Recently, I've had some things happen which has made me question my life as a writer and I've run the gamut of emotions from weepy to out and out mad. These times also skew my world view and make me wonder about the big picture. During these times, I look at what I've done to get my motivation back. I look at old blogs, various other notes I've written to myself and other methods to get my groove back.
I was happy to run across this blog which I had written for someone else as it helped me a lot. Hopefully, it will say something to you as well.
What’s a writer to do when they can’t write?
I have experienced this many times and most of them have been around the time when I have just finished a deadline of some sort. However, recently I have found I’m not up to my usual 5K per day and I’ve had to go back to some interesting stratedies I’ve developed years ago to get me back on track.

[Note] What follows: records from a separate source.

(* For every election, every candidate that \textsc{PluralityMatching} may return (i.e.\ every candidate $a$ whose integral domination graph $G(a)$ admits a perfect matching) lies in the matching uncovered set. Consequently, the matching uncovered set of every election is non-empty.
   Context: An election: voters $V$ (finite, nonempty), candidates $C$ (finite, nonempty), a profile of linear orders $\sigma_i$ over $C$; $a\succeq_i c$ means $a=c$ or $i$ ranks $a$ above $c$; $\mathrm{top}(i)$ is $i$'s first choice. The integral domination graph $G(a)$ is the bipartite graph with both sides copies of $V$ and edge $(i,j)$ iff $a\succeq_i\mathrm{top}(j)$. The separation graph $G(a,b)$ of candidates $a,b$ is the bipartite graph with both sides copies of $V$ and edge $(i,j)$ iff there exists $c\in C$ with $a\succeq_i c$ and $c\succeq_j b$. The matching uncovered set is the set of candidates $a$ such that for every $b\in C$, $G(a,b)$ admits a perfect matching. \textsc{PluralityMatching} returns an arbitrary candidate $a$ whose $G(a)$ admits a perfect matching. *)

From mathcomp Require Import all_boot all_order all_fingroup.
Set Implicit Arguments. Unset Strict Implicit. Unset Printing Implicit Defensive.

(* A profile: for every voter i, a strict linear order [pref i] over C
   ([pref i a b] means voter i ranks a strictly above b). *)
Record profile (V C : finType) := Profile {
  pref : V -> rel C;
  pref_irrefl : forall i a, ~~ pref i a a;
  pref_trans : forall i a b c, pref i a b -> pref i b c -> pref i a c;
  pref_total : forall i a b, a != b -> pref i a b || pref i b a
}.

Section Election.
Variables (V C : finType) (P : profile V C).

Definition wpref (i : V) (a c : C) : bool := (a == c) || pref P i a c.

(* top(i): voter i's first choice (Some c with c weakly preferred to every d;
   it always exists when C is nonempty). *)
Definition top (i : V) : option C := [pick c | [forall d, wpref i c d]].

(* Bipartite graphs with both sides copies of V, given by their edge relation;
   a perfect matching is a bijection f : V -> V with every (i, f i) an edge. *)
Definition has_perfect_matching (G : V -> V -> bool) : Prop :=
  exists f : {perm V}, forall i, G i (f i).

Definition dom_graph (a : C) (i j : V) : bool :=
  if top j is Some t then wpref i a t else false.

Definition sep_graph (a b : C) (i j : V) : bool :=
  [exists c, wpref i a c && wpref j c b].

Definition matching_uncovered (a : C) : Prop :=
  forall b : C, has_perfect_matching (sep_graph a b).

End Election.

From mathcomp Require Import all_boot all_order all_fingroup.
Set Implicit Arguments. Unset Strict Implicit. Unset Printing Implicit Defensive.

(* A perfect matching f of G(a) pairs every voter i with a voter f i such that
   a >=_i top(f i) >=_(f i) b for every b, so it is also a perfect matching of
   every separation graph G(a, b).  Such an a exists by a veto procedure: voter
   after voter, each is matched with the remaining voter whose top it ranks
   lowest, and a is the top of the voter left at the end; every voter weakly
   prefers a to the top it vetoed. *)

Lemma exists_strict_total_max (T : finType) (r : rel T) (A : {set T}) :
  irreflexive r -> transitive r -> (forall x y, x != y -> r x y || r y x) ->
  A != set0 -> exists2 c, c \in A & {in A, forall d, (c == d) || r c d}.
Proof.
move=> irr tr tot /set0Pn [c0 c0A].
have [c cA cmin] := arg_minnP (fun c => #|[set d in A | r d c]|) c0A.
exists c => // d dA; case: eqVneq => //= ncd.
case/orP: (tot c d ncd) => // rdc.
have := cmin d dA; rewrite leqNgt => /negP; case.
apply: proper_card; apply/properP; split.
  by apply/subsetP => x; rewrite !inE => /andP [-> /= rxd]; apply: tr rdc.
by exists d; rewrite !inE ?dA ?rdc //= irr.
Qed.

Lemma extend_injective_in (T : finType) (f : T -> T) (S U : {set T}) i j :
  {in S :\ i &, injective f} -> {in S :\ i, forall x, f x \in U :\ j} ->
  {in S &, injective (fun x => if x == i then j else f x)}.
Proof.
move=> finj fU x y xS yS /=.
have fj z : z \in S -> z != i -> f z != j.
  by move=> zS zi; have := fU z; rewrite !inE zi zS => /(_ isT) /andP [].
case: (eqVneq x i) => [->|xi]; case: (eqVneq y i) => [->|yi] //.
- by move=> ejf; move: (fj y yS yi); rewrite -ejf eqxx.
- by move=> efj; move: (fj x xS xi); rewrite efj eqxx.
- by apply: finj; rewrite !inE ?xi ?yi.
Qed.

Section Election.
Variables (V C : finType) (P : profile V C).

Lemma exists_pref_best i (A : {set C}) :
  A != set0 -> exists2 c, c \in A & {in A, forall d, wpref P i c d}.
Proof.
move=> An0; apply: exists_strict_total_max An0 => [a|b a c ab bc|a b ab].
- exact/negbTE/pref_irrefl.
- exact: pref_trans ab bc.
- exact: pref_total.
Qed.

Lemma exists_pref_worst i (A : {set C}) :
  A != set0 -> exists2 c, c \in A & {in A, forall d, wpref P i d c}.
Proof.
move=> An0; have [c cA cmin] : exists2 c, c \in A &
    {in A, forall d, (c == d) || pref P i d c}.
  apply: exists_strict_total_max An0 => [a|b a c ab bc|a b ab].
  - exact/negbTE/pref_irrefl.
  - exact: pref_trans bc ab.
  - by rewrite orbC pref_total.
by exists c => // d dA; rewrite /wpref eq_sym; apply: cmin.
Qed.

Lemma top_best i t : top P i = Some t -> forall d, wpref P i t d.
Proof. by rewrite /top; case: pickP => // c /forallP ct [<-]. Qed.

Lemma top_exists i : 0 < #|C| -> exists t, top P i = Some t.
Proof.
move=> /card_gt0P [c0 _]; rewrite /top; case: pickP => [t _|nobest]; first by exists t.
have [|c _ cbest] := exists_pref_best i (A := [set: C]); first by apply/set0Pn; exists c0.
by move: (nobest c); rewrite (introT forallP) // => d; apply: cbest; rewrite inE.
Qed.

Lemma dom_graph_sub_sep_graph a b i j : dom_graph P a i j -> sep_graph P a b i j.
Proof.
rewrite /dom_graph; case ej: (top P j) => [t|] // ait.
by apply/existsP; exists t; rewrite ait (top_best ej).
Qed.

Lemma dom_matching_uncovered a :
  has_perfect_matching (dom_graph P a) -> matching_uncovered P a.
Proof. by move=> [f fdom] b; exists f => i; apply: dom_graph_sub_sep_graph. Qed.

Lemma veto_matching (tp : V -> C) n (S T : {set V}) :
  #|S| = n.+1 -> #|T| = n.+1 ->
  exists a, exists f : V -> V,
    [/\ a \in tp @: T, {in S &, injective f}, {in S, forall x, f x \in T} &
        {in S, forall x, wpref P x a (tp (f x))}].
Proof.
elim: n S T => [|n IH] S T hS hT;
  have [i Si] : exists i, i \in S by apply/set0Pn; rewrite -card_gt0 hS.
- have [j Tj] : exists j, j \in T by apply/set0Pn; rewrite -card_gt0 hT.
  have eS : S = [set i] by apply/eqP; rewrite eq_sym eqEcard sub1set Si cards1 hS.
  exists (tp j), (fun=> j); split=> [|x y|//|x _]; last by rewrite /wpref eqxx.
  - exact: imset_f.
  - by rewrite eS !inE => /eqP -> /eqP ->.
have tpTn0 : tp @: T != set0 by rewrite imset_eq0 -card_gt0 hT.
have [_ /imsetP [j Tj ->] jworst] := exists_pref_worst i tpTn0.
have hS' : #|S :\ i| = n.+1 by move: hS; rewrite (cardsD1 i) Si => -[].
have hT' : #|T :\ j| = n.+1 by move: hT; rewrite (cardsD1 j) Tj => -[].
have [a [f [aT finj fT fa]]] := IH _ _ hS' hT'.
have atpT : a \in tp @: T by apply: subsetP (imsetS tp (subD1set T j)) a aT.
exists a, (fun x => if x == i then j else f x); split=> //.
- exact: extend_injective_in finj fT.
- move=> x xS /=; case: (eqVneq x i) => // xi.
  by have := fT x; rewrite !inE xi xS => /(_ isT) /andP [].
- move=> x xS /=; case: (eqVneq x i) => [->|xi]; first exact: jworst.
  by apply: fa; rewrite !inE xi.
Qed.

Lemma exists_dom_matching :
  0 < #|V| -> 0 < #|C| -> exists a, has_perfect_matching (dom_graph P a).
Proof.
move=> hV hC; have /card_gt0P [c0 _] := hC.
pose tp j := odflt c0 (top P j).
have top_tp j : top P j = Some (tp j) by rewrite /tp; case: (top_exists j hC) => t ->.
have hVT : #|[set: V]| = #|V|.-1.+1 by rewrite cardsT prednK.
have [a [f [_ finj _ fa]]] := veto_matching tp hVT hVT.
have finj' : injective f by move=> x y; apply: finj; rewrite inE.
exists a, (perm finj') => i.
by rewrite permE /dom_graph top_tp; apply: fa; rewrite inE.
Qed.

End Election.

Theorem proposition1 (V C : finType) (P : profile V C) :
  0 < #|V| -> 0 < #|C| ->
  (forall a : C, has_perfect_matching (dom_graph P a) -> matching_uncovered P a) /\
  (exists a : C, matching_uncovered P a).
Proof.
move=> hV hC; split=> [|]; first exact: dom_matching_uncovered.
have [a adom] := exists_dom_matching P hV hC.
by exists a; apply: dom_matching_uncovered.
Qed.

More importantly, I’ve been recently asked that question by many writers and I’ll tell you exactly what I tell them: It depends what you’re writing and what the problem is. And this is very true. You must be able to figure out just why you aren’t writing. It can be a variety of things which keep you from your goals.
First, if you’re ill, you just do the best you can. Since I have allergy days quite frequently in both the spring and the fall, I make sure my daily word count is exceeded on some days so that I can make up for those days of the pounding head. Illnesses of any kind aren’t good and you must heal yourself before you can heal your writing.
Now, if it’s because I can’t get my Muse going, that in itself is a completely different thing. There are a few techniques I use to try and get things flowing again. Here’s my list:
1. Listen to music – when nothing comes, I will sit down and listen to music as I attempt to write. Again, the type of music depends upon what I’m writing. Something classical just won’t do if I’m writing a battle scene so I make the music appropriate to what I’m doing.
2. Write anything – the day doesn’t always start good and I don’t always start on my story right away. Sometimes, the best I can do has nothing to do with what I’m writing. So I just write. Usually by the end of the second hour, I’m back on track for the story.
3. Plot a new story – I have a lot of series going and sometimes the best thing for me is to move away from the story I’m working on and start plotting the next one. For many of my stories, I am a pantser which means I just work it out in my head and sit down to write. However, when I’m working on a series I have to make sure that I don’t violate something I’ve previously done in the series. This also allows me to plan new and different things for the books. And it also just gets me back into writing.
4. Read – I can’t say this enough, read the genre that you write. If you’re doing urban fantasy, read urban fantasy, if you’re doing futuristic, read futuristic. You must know your market and you will never gain that knowledge unless you read the genre.
5. Take care of yourself – What I mean by this is get a massage, take a walk, talk to your kids, make love with your husband or significant other. It can’t all be about the writing because without you there would be no writing.
If none of these techniques work, then try to remember why you became a writer. Grasp that same joy and use it to elevate yourself to feel the creativeness rise in you. Embrace it when it arrives and make sure you nurture your muse as much as you can.
Being creative can be a finicky business and as a writer, you may need to do a variety of things before you can again create the stories you love. Just never give up on your dream to bring those stories to life because if you don’t, they will never get written!
Good luck in all your writing endeavors!